Intelligent Workload Management
(IWM) policies in Atlas are load-shedding, meaning they reject or
terminate operations to keep the cluster healthy under overload. When
these policies act, your application might see new errors for operations
that the server rejected or terminated due to server overload. These
overload errors have the SystemOverloadedError label.
The following load-shedding IWM policies return errors when they reject or terminate operations:
When the Adaptive Operation Rate Limiter rejects operations, the
server returns an error with the
IngressOperationRateLimitExceeded code. For example:
{ "ok": 0.0, "errmsg": "Request rejected: ingress operation rate limit exceeded", "code": 463, "codeName": "IngressOperationRateLimitExceeded", "errorLabels": ["SystemOverloadedError", "RetryableError", "NoWritesPerformed"] }
IngressOperationRateLimitExceeded errors have the
SystemOverloadedError label, which indicates that the server is
overloaded and shedding load. This label on its own does not mean
that the operation can be safely retried.
To determine if an error is retryable, check for the following labels:
RetryableError- the operation was not executed and is safe to retryNoWritesPerformed- the server rejected the operation at ingress, before performing any writes
To learn how to implement retry logic for overload errors, see Handling Overload Errors.
When Query Sentinel terminates inefficient, long-running query
operations, the server returns an error with the
InterruptedDueToOverload code. For example:
{ "ok": 0, "errmsg": "operation was interrupted", "code": 473, "codeName": "InterruptedDueToOverload", "errorLabels": ["SystemOverloadedError"] }
InterruptedDueToOverload errors have the
SystemOverloadedError label, which indicates that the server is
overloaded and shedding load.
An InterruptedDueToOverload error means that the server
terminated the operation to protect cluster stability. This error is
not designated as retryable and does not include the
RetryableError label. If you retry the operation, ensure that it
is idempotent and wait before retrying so you do not contribute to
overload. Use exponential backoff and jitter in your retry logic. To
learn more, see Handling Overload Errors.
Backpressure-Aware Client Libraries Versions
Backpressure-aware drivers and other client libraries automatically recognize
overload errors with the SystemOverloadedError label and treat them as a
signal of overload. If the error has a label that induces a retry, including the
RetryableError label, the backpressure-aware client library automatically retries
the operation with exponential backoff and jitter.
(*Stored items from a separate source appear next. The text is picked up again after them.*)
(* Write [y = Gamma_hat w = a v + r] with [a = theta <v, w>] and noise [r = W w].
   On the event E, the mass of [r] on any [k'] coordinates is at most
   [2 (C0 (1 + theta))^2 k' log n / m]: restrict [W] to those coordinates together
   with the support of [w], which has at most [2 k'] elements.  Hard thresholding
   keeps the [k'] largest [|y_i|], so the mass of [y] it discards on the support
   of [v] is at most the mass it keeps off that support, where [y = r]; hence
   [||z - a v|| <= b] with [C = 4 C0].  For a unit vector [v],
   [||z - a v||^2 = (||z||^2 - <z, v>^2) + (<z, v> - a)^2], so both the
   Cauchy-Schwarz gap and [|<z, v> - a|] are at most [b], and [|a| > 2 b] turns
   this into the bounds on the angle between [z] and [v]. *)

Section SetSums.
Variables (R : realFieldType) (T : finType).
Implicit Types (A B : {set T}) (F : T -> R).

Lemma ler_sum_subset A B F : A \subset B -> (forall i, 0 <= F i) ->
  \sum_(i in A) F i <= \sum_(i in B) F i.
Proof.
move=> /fintype.subsetP AB F0; rewrite [leLHS]big_mkcond [leRHS]big_mkcond.
by apply: ler_sum => i _; case: ifP => [/AB -> //|_]; case: ifP.
Qed.

(* Compare [#|B|] copies of the left sum with [#|A|] copies of the right one. *)
Lemma ler_sum_dominated A B F : (#|A| <= #|B|)%N -> (forall i, 0 <= F i) ->
  (forall i j, i \in B -> j \in A -> F j <= F i) ->
  \sum_(j in A) F j <= \sum_(i in B) F i.
Proof.
move=> AB F0 FAB; have SB_ge0 : 0 <= \sum_(i in B) F i by apply: sumr_ge0.
have [B0|B_gt0] := posnP #|B|.
  by move: AB; rewrite B0 leqn0 => /eqP/cards0_eq ->; rewrite big_set0.
rewrite -(ler_pMn2r B_gt0).
apply: (@le_trans _ _ ((\sum_(i in B) F i) *+ #|A|)).
  rewrite -sumrMnl -sumr_const; apply: ler_sum => j jA.
  by rewrite -sumr_const; apply: ler_sum => i iB; apply: FAB.
exact: ler_wpMn2l.
Qed.

End SetSums.

Section Vectors.
Variables (R : realType) (n : nat).
Implicit Types (a b c : 'cV[R]_n) (s : R).

Lemma dotvC a b : dotv a b = dotv b a.
Proof. by apply: eq_bigr => i _; rewrite mulrC. Qed.

Lemma dotvZl s a b : dotv (s *: a) b = s * dotv a b.
Proof. by rewrite /dotv mulr_sumr; apply: eq_bigr => i _; rewrite mxE mulrA. Qed.

Lemma dotvvE a : dotv a a = \sum_i a i 0 ^+ 2.
Proof. by apply: eq_bigr => i _; rewrite expr2. Qed.

Lemma dotvv_ge0 a : 0 <= dotv a a.
Proof. by rewrite dotvvE; apply: sumr_ge0 => i _; apply: sqr_ge0. Qed.

Lemma sqr_norm2 a : norm2 a ^+ 2 = dotv a a.
Proof. by rewrite sqr_sqrtr // dotvv_ge0. Qed.

Lemma sqr_norm2E a : norm2 a ^+ 2 = \sum_i a i 0 ^+ 2.
Proof. by rewrite sqr_norm2 dotvvE. Qed.

Lemma mulmx_outer a b c : (a *m b^T) *m c = dotv b c *: a.
Proof.
apply/matrixP => i j; rewrite !mxE (ord1 j) /dotv mulr_suml; apply: eq_bigr => l _.
by rewrite !mxE big_ord1 !mxE -mulrA mulrC.
Qed.

Lemma norm2_eq1_coord_le1 a i : norm2 a = 1 -> `|a i 0| <= 1.
Proof.
move=> a1; rewrite -(@ler_pXn2r _ 2) ?nnegrE // real_normK ?num_real // expr1n.
rewrite -(expr1n _ 2) -a1 sqr_norm2E (bigD1 i) //= lerDl.
by apply: sumr_ge0 => j _; apply: sqr_ge0.
Qed.

Lemma sqr_norm2_subZ_unit (z v : 'cV[R]_n) s : norm2 v = 1 ->
  norm2 (z - s *: v) ^+ 2 = (dotv z z - dotv z v ^+ 2) + (dotv z v - s) ^+ 2.
Proof.
move=> v1; have vv : dotv v v = 1 by rewrite -sqr_norm2 v1 expr1n.
have -> : dotv z z - dotv z v ^+ 2 + (dotv z v - s) ^+ 2 =
          dotv z z - 2 * s * dotv z v + s ^+ 2 * dotv v v by rewrite vv; ring.
rewrite sqr_norm2E /dotv.
under eq_bigr do rewrite !mxE.
rewrite (eq_bigr (fun i => z i 0 * z i 0 - 2 * s * (z i 0 * v i 0)
                           + s ^+ 2 * (v i 0 * v i 0))); last by move=> i _; ring.
by rewrite big_split /= sumrB -!mulr_sumr.
Qed.

End Vectors.

Section AngleBounds.
Variable R : realType.
Implicit Types N D a b : R.

Lemma dist_le_of_split N D a b : 0 <= b -> D ^+ 2 <= N ->
  N - D ^+ 2 + (D - a) ^+ 2 <= b ^+ 2 -> `|D - a| <= b.
Proof.
move=> b0 DN err; rewrite -(@ler_pXn2r _ 2) ?nnegrE // real_normK ?num_real //.
by apply: le_trans err; rewrite lerDr subr_ge0.
Qed.

Lemma sqrt_le_of_split N D a b : 0 <= b -> D ^+ 2 <= N ->
  N - D ^+ 2 + (D - a) ^+ 2 <= b ^+ 2 -> Num.sqrt N <= `|a| + b.
Proof.
move=> b0 DN err; have N0 : 0 <= N by apply: le_trans DN; apply: sqr_ge0.
rewrite -(@ler_pXn2r _ 2) ?nnegrE ?sqrtr_ge0 ?addr_ge0 ?sqr_sqrtr //.
have aD : a * (D - a) <= `|a| * b.
  apply: le_trans (ler_norm _) _.
  by rewrite normrM ler_wpM2l // (dist_le_of_split b0 DN err).
have sqra : `|a| ^+ 2 = a ^+ 2 by rewrite real_normK ?num_real.
nra.
Qed.

Lemma cos_ratio_ge N D a b : 0 <= b -> 2 * b < `|a| -> `|D - a| <= b ->
  D ^+ 2 <= N -> Num.sqrt N <= `|a| + b ->
  (`|a| - 2 * b) / (`|a| + b) <= `|(Num.sqrt N)^-1 * D|.
Proof.
move=> b0 ba Da DN sN; have := lerB_dist a D; rewrite distrC => aD.
have Ds : `|D| <= Num.sqrt N by rewrite -sqrtr_sqr ler_wsqrtr.
have s_gt0 : 0 < Num.sqrt N by lra.
rewrite normrM gtr0_norm ?invr_gt0 // ler_pdivrMr; last lra.
rewrite -mulrA ler_pdivlMl //; nra.
Qed.

Lemma sin_ratio_le N D a b : 0 <= b -> 2 * b < `|a| -> `|D - a| <= b ->
  D ^+ 2 <= N -> N - D ^+ 2 <= b ^+ 2 ->
  Num.sqrt (1 - ((Num.sqrt N)^-1 * D) ^+ 2) <= 5 * b / (`|a| - 2 * b).
Proof.
move=> b0 ba Da DN gap; have := lerB_dist a D; rewrite distrC => aD.
have N_ge : (`|a| - 2 * b) ^+ 2 <= N.
  apply: le_trans DN; rewrite -[D ^+ 2]real_normK ?num_real // ler_pXn2r ?nnegrE //; lra.
have N_gt0 : 0 < N by apply: lt_le_trans N_ge; apply: exprn_gt0; lra.
have c_gt0 : 0 < `|a| - 2 * b by lra.
have -> : 1 - ((Num.sqrt N)^-1 * D) ^+ 2 = (N - D ^+ 2) / N.
  by rewrite exprMn exprVn sqr_sqrtr ?ltW //; field; rewrite gt_eqF.
have r_ge0 : 0 <= 5 * b / (`|a| - 2 * b) by apply: divr_ge0; lra.
rewrite -(ger0_norm r_ge0) -sqrtr_sqr.
apply: ler_wsqrtr; rewrite ler_pdivrMr // expr_div_n mulrAC ler_pdivlMr ?exprn_gt0 //.
have : (N - D ^+ 2) * (`|a| - 2 * b) ^+ 2 <= b ^+ 2 * N.
  apply: le_trans (_ : b ^+ 2 * (`|a| - 2 * b) ^+ 2 <= _).
    by rewrite ler_wpM2r ?sqr_ge0.
  by rewrite ler_wpM2l ?sqr_ge0.
have := sqr_ge0 b; nra.
Qed.

End AngleBounds.

Lemma angle_bounds_of_dist_line (R : realType) n (z v : 'cV[R]_n) (a b : R) :
  norm2 v = 1 -> 0 <= b -> 2 * b < `|a| -> norm2 (z - a *: v) <= b ->
  let u := (norm2 z)^-1 *: z in
  (`|a| - 2 * b) / (`|a| + b) <= cos_angle u v /\
  sin_angle u v <= 5 * b / (`|a| - 2 * b).
Proof.
move=> v1 b0 ba zb u; rewrite /cos_angle /sin_angle /u dotvZl.
have DN : dotv z v ^+ 2 <= dotv z z.
  have := sqr_ge0 (norm2 (z - dotv z v *: v)).
  by rewrite sqr_norm2_subZ_unit // subrr expr0n addr0 subr_ge0.
have err : dotv z z - dotv z v ^+ 2 + (dotv z v - a) ^+ 2 <= b ^+ 2.
  by rewrite -sqr_norm2_subZ_unit // ler_pXn2r ?nnegrE ?sqrtr_ge0.
have Da := dist_le_of_split b0 DN err.
split; first exact: cos_ratio_ge b0 ba Da DN (sqrt_le_of_split b0 DN err).
apply: sin_ratio_le b0 ba Da DN _.
by apply: le_trans err; rewrite lerDl sqr_ge0.
Qed.

Section SpectralNorm.
Variables (R : realType) (n : nat).

Lemma norm2_mulmx_le_specnorm p (A : 'M[R]_p) (x : 'cV[R]_p) :
  norm2 x = 1 -> norm2 (A *m x) <= specnorm A.
Proof.
move=> x1; apply: sup_upper_bound; last by exists x.
split; first by exists (norm2 (A *m x)), x.
exists (Num.sqrt (\sum_i (\sum_j `|A i j|) ^+ 2)) => _ [y y1 <-].
rewrite ler_wsqrtr // dotvvE; apply: ler_sum => i _.
rewrite -real_normK ?num_real // ler_pXn2r ?nnegrE ?sumr_ge0 //.
rewrite mxE; apply: le_trans (ler_norm_sum _ _ _) _.
apply: ler_sum => j _; rewrite normrM -{2}(mulr1 `|A i j|).
by rewrite ler_wpM2l ?norm2_eq1_coord_le1.
Qed.

Definition restrict_cV (U : {set 'I_n}) (w : 'cV[R]_n) : 'cV[R]_#|U| :=
  \col_j w (enum_val j) 0.

Lemma sum_enum_val_supported (U : {set 'I_n}) (F : 'I_n -> R) :
  (forall i, i \notin U -> F i = 0) -> \sum_(j < #|U|) F (enum_val j) = \sum_i F i.
Proof.
by move=> FU; rewrite -big_enum_val [RHS](bigID (mem U)) /= [X in _ + X]big1 ?addr0.
Qed.

Section Support.
Variables (U : {set 'I_n}) (w : 'cV[R]_n).
Hypothesis w_supp : forall i, i \notin U -> w i 0 = 0.

Lemma norm2_restrict : norm2 (restrict_cV U w) = norm2 w.
Proof.
rewrite /norm2 !dotvvE; congr Num.sqrt; under eq_bigr do rewrite mxE.
by apply: sum_enum_val_supported => i /w_supp ->; rewrite expr0n.
Qed.

Lemma principal_submx_mulmx_restrict (A : 'M[R]_n) j :
  (principal_submx A U *m restrict_cV U w) j 0 = (A *m w) (enum_val j) 0.
Proof.
rewrite !mxE; under eq_bigr do rewrite !mxE.
by apply: sum_enum_val_supported => i /w_supp ->; rewrite mulr0.
Qed.

Lemma sum_sqr_mulmx_le (A : 'M[R]_n) (X : {set 'I_n}) (B : R) :
  norm2 w = 1 -> X \subset U -> specnorm (principal_submx A U) <= B ->
  \sum_(i in X) (A *m w) i 0 ^+ 2 <= B ^+ 2.
Proof.
move=> w1 XU AB.
have Ax := norm2_mulmx_le_specnorm (principal_submx A U) (etrans norm2_restrict w1).
apply: (@le_trans _ _ (norm2 (principal_submx A U *m restrict_cV U w) ^+ 2)).
  rewrite sqr_norm2E; under [leRHS]eq_bigr do rewrite principal_submx_mulmx_restrict.
  rewrite -(big_enum_val (fun i => (A *m w) i 0 ^+ 2)) /=.
  by apply: ler_sum_subset => // i; apply: sqr_ge0.
have Bge0 : 0 <= B by apply: le_trans AB; apply: le_trans Ax; apply: sqrtr_ge0.
by rewrite ler_pXn2r ?nnegrE ?sqrtr_ge0 //; apply: le_trans AB.
Qed.

End Support.
End SpectralNorm.

Section HardThreshold.
Variables (R : realType) (n : nat).
Implicit Types (r v y z : 'cV[R]_n) (S V : {set 'I_n}).

Lemma hard_threshold_missed_le y S V : (#|V| <= #|S|)%N ->
  (forall i j, i \in S -> j \notin S -> `|y j 0| <= `|y i 0|) ->
  \sum_(i in V :\: S) y i 0 ^+ 2 <= \sum_(i in S :\: V) y i 0 ^+ 2.
Proof.
move=> VS yS; apply: ler_sum_dominated => [|i|i j].
- by move: VS; rewrite -(cardsID S V) -(cardsID V S) finset.setIC leq_add2l.
- exact: sqr_ge0.
- rewrite !inE => /andP[_ iS] /andP[jS _].
  rewrite -[y j 0 ^+ 2]real_normK ?num_real // -[y i 0 ^+ 2]real_normK ?num_real //.
  by rewrite ler_pXn2r ?nnegrE ?yS.
Qed.

Lemma hard_threshold_error r v z (a : R) S V :
  (forall i, i \notin V -> v i 0 = 0) -> (#|V| <= #|S|)%N ->
  (forall i j, i \in S -> j \notin S -> `|(r + a *: v) j 0| <= `|(r + a *: v) i 0|) ->
  (forall i, z i 0 = if i \in S then (r + a *: v) i 0 else 0) ->
  norm2 (z - a *: v) ^+ 2 <= \sum_(i in S) r i 0 ^+ 2
    + 2 * \sum_(i in V :\: S) r i 0 ^+ 2 + 2 * \sum_(i in S :\: V) r i 0 ^+ 2.
Proof.
move=> v_supp VS yS zE; set y := r + a *: v.
have yE i : y i 0 = r i 0 + a * v i 0 by rewrite !mxE.
have split_err : norm2 (z - a *: v) ^+ 2 =
    \sum_(i in S) r i 0 ^+ 2 + \sum_(i in V :\: S) (a * v i 0) ^+ 2.
  rewrite sqr_norm2E [\sum_(i in S) _]big_mkcond [\sum_(i in V :\: S) _]big_mkcond.
  rewrite -big_split /=.
  apply: eq_bigr => i _; rewrite !mxE zE yE !inE.
  case: (i \in S) => /=; first by rewrite addrK addr0.
  by case: (boolP (i \in V)) => [_|/v_supp ->]; rewrite ?mulr0 sub0r sqrrN ?add0r ?expr0n.
have missed_le : \sum_(i in V :\: S) (a * v i 0) ^+ 2 <=
    2 * \sum_(i in V :\: S) y i 0 ^+ 2 + 2 * \sum_(i in V :\: S) r i 0 ^+ 2.
  rewrite !mulr_sumr -big_split /=; apply: ler_sum => i _.
  rewrite (_ : a * v i 0 = y i 0 - r i 0); last by rewrite yE addrC addKr.
  by have := sqr_ge0 (y i 0 + r i 0); nra.
have kept_eq : \sum_(i in S :\: V) y i 0 ^+ 2 = \sum_(i in S :\: V) r i 0 ^+ 2.
  apply: eq_bigr => i; rewrite !inE => /andP[/v_supp vi0 _].
  by rewrite yE vi0 mulr0 addr0.
have := hard_threshold_missed_le VS yS; rewrite split_err kept_eq; lra.
Qed.

End HardThreshold.

Lemma Gamma_hat_mulmx (R : realType) n m (theta : R) (v : 'cV[R]_n)
    (x : 'I_m -> 'cV[R]_n) (w : 'cV[R]_n) :
  Gamma_hat x *m w = Wnoise theta v x *m w + (theta * dotv v w) *: v.
Proof.
by rewrite /Wnoise [in RHS]mulmxBl -scalemxAl mulmx_outer scalerA subrK.
Qed.

Lemma event_E_sum_sqr_le (R : realType) (C0 theta : R) (n m k' : nat) (W : 'M[R]_n)
    (w : 'cV[R]_n) (X : {set 'I_n}) :
  @event_E R C0 n m theta W -> norm2 w = 1 -> (nnz w <= k')%N -> (#|X| <= k')%N ->
  \sum_(i in X) (W *m w) i 0 ^+ 2
    <= 2 * ((C0 * (1 + theta)) ^+ 2 * (k'%:R * ln n%:R / m%:R)).
Proof.
move=> E w1 w_nnz X_le; set U := X :|: [set i | w i 0 != 0].
have w_supp i : i \notin U -> w i 0 = 0.
  by rewrite !inE negb_or negbK => /andP[_ /eqP].
have U_gt0 : (0 < #|U|)%N.
  rewrite card_gt0; apply: contra_neq (@oner_neq0 R) => U0.
  rewrite -(expr1n _ 2) -w1 sqr_norm2E big1 // => i _.
  by rewrite w_supp ?U0 ?inE ?expr0n.
have U_le : (#|U| <= 2 * k')%N.
  by apply: leq_trans (leq_card_setU _ _) _; rewrite mul2n -addnn leq_add.
have L_ge0 : 0 <= ln (n%:R : R).
  apply: ln_ge0; rewrite ler1n; apply: leq_trans U_gt0 _.
  by rewrite -[leqRHS]card_ord max_card.
apply: le_trans (sum_sqr_mulmx_le w_supp w1 (finset.subsetUl _ _) (E U U_gt0)) _.
rewrite exprMn sqr_sqrtr ?mulr_ge0 ?invr_ge0 // [leRHS]mulrCA.
apply: ler_wpM2l; first exact: sqr_ge0.
rewrite !mulrA; apply: ler_wpM2r; first by rewrite invr_ge0.
by apply: ler_wpM2r => //; rewrite -natrM ler_nat.
Qed.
The following table lists the earliest client library versions that are backpressure-aware:
Client Library | Earliest Backpressure-Aware Version |
|---|---|
C Driver | 2.3 |
C++ Driver | 4.3 |
.NET/C# Driver | 3.8 |
Go Driver | 2.6 |
Java Sync Driver | 5.7 |
Java Reactive Streams Driver | 5.7 |
Kotlin Coroutine Driver | 5.7 |
Kotlin Sync Driver | 5.7 |
Node.js Driver | 7.2 |
PHP Library | 2.3 |
PyMongo | 4.17 |
Scala Driver | 5.7 |
If you are using a backpressure-aware client library, you don't need to implement any additional retry logic to handle overload errors from IWM policies. If you are not using a backpressure-aware client library, see Handling Overload Errors for guidance.
Handling Overload Errors
If you are not using a backpressure-aware client library, see the following procedure for examples of how to implement error detection and retry logic with exponential backoff to handle overload errors:
Use the following procedure to implement utilities to detect overload errors and retry with exponential backoff.
Guidelines for Safe Overload Retries
When retrying operations that failed with overload errors, use the following guidelines to avoid contributing to overload and to increase the chances of successful retries:
Limit your retry attempts: Use a maximum of 2 retries per operation. Higher limits reduce error rates but increase server load during overload, while fewer retry attempts can reduce server load but increase errors rates.
Apply selectively: Use this pattern only for latency-sensitive or business-critical operations. For background workloads, log errors and retry at a higher level with longer delays.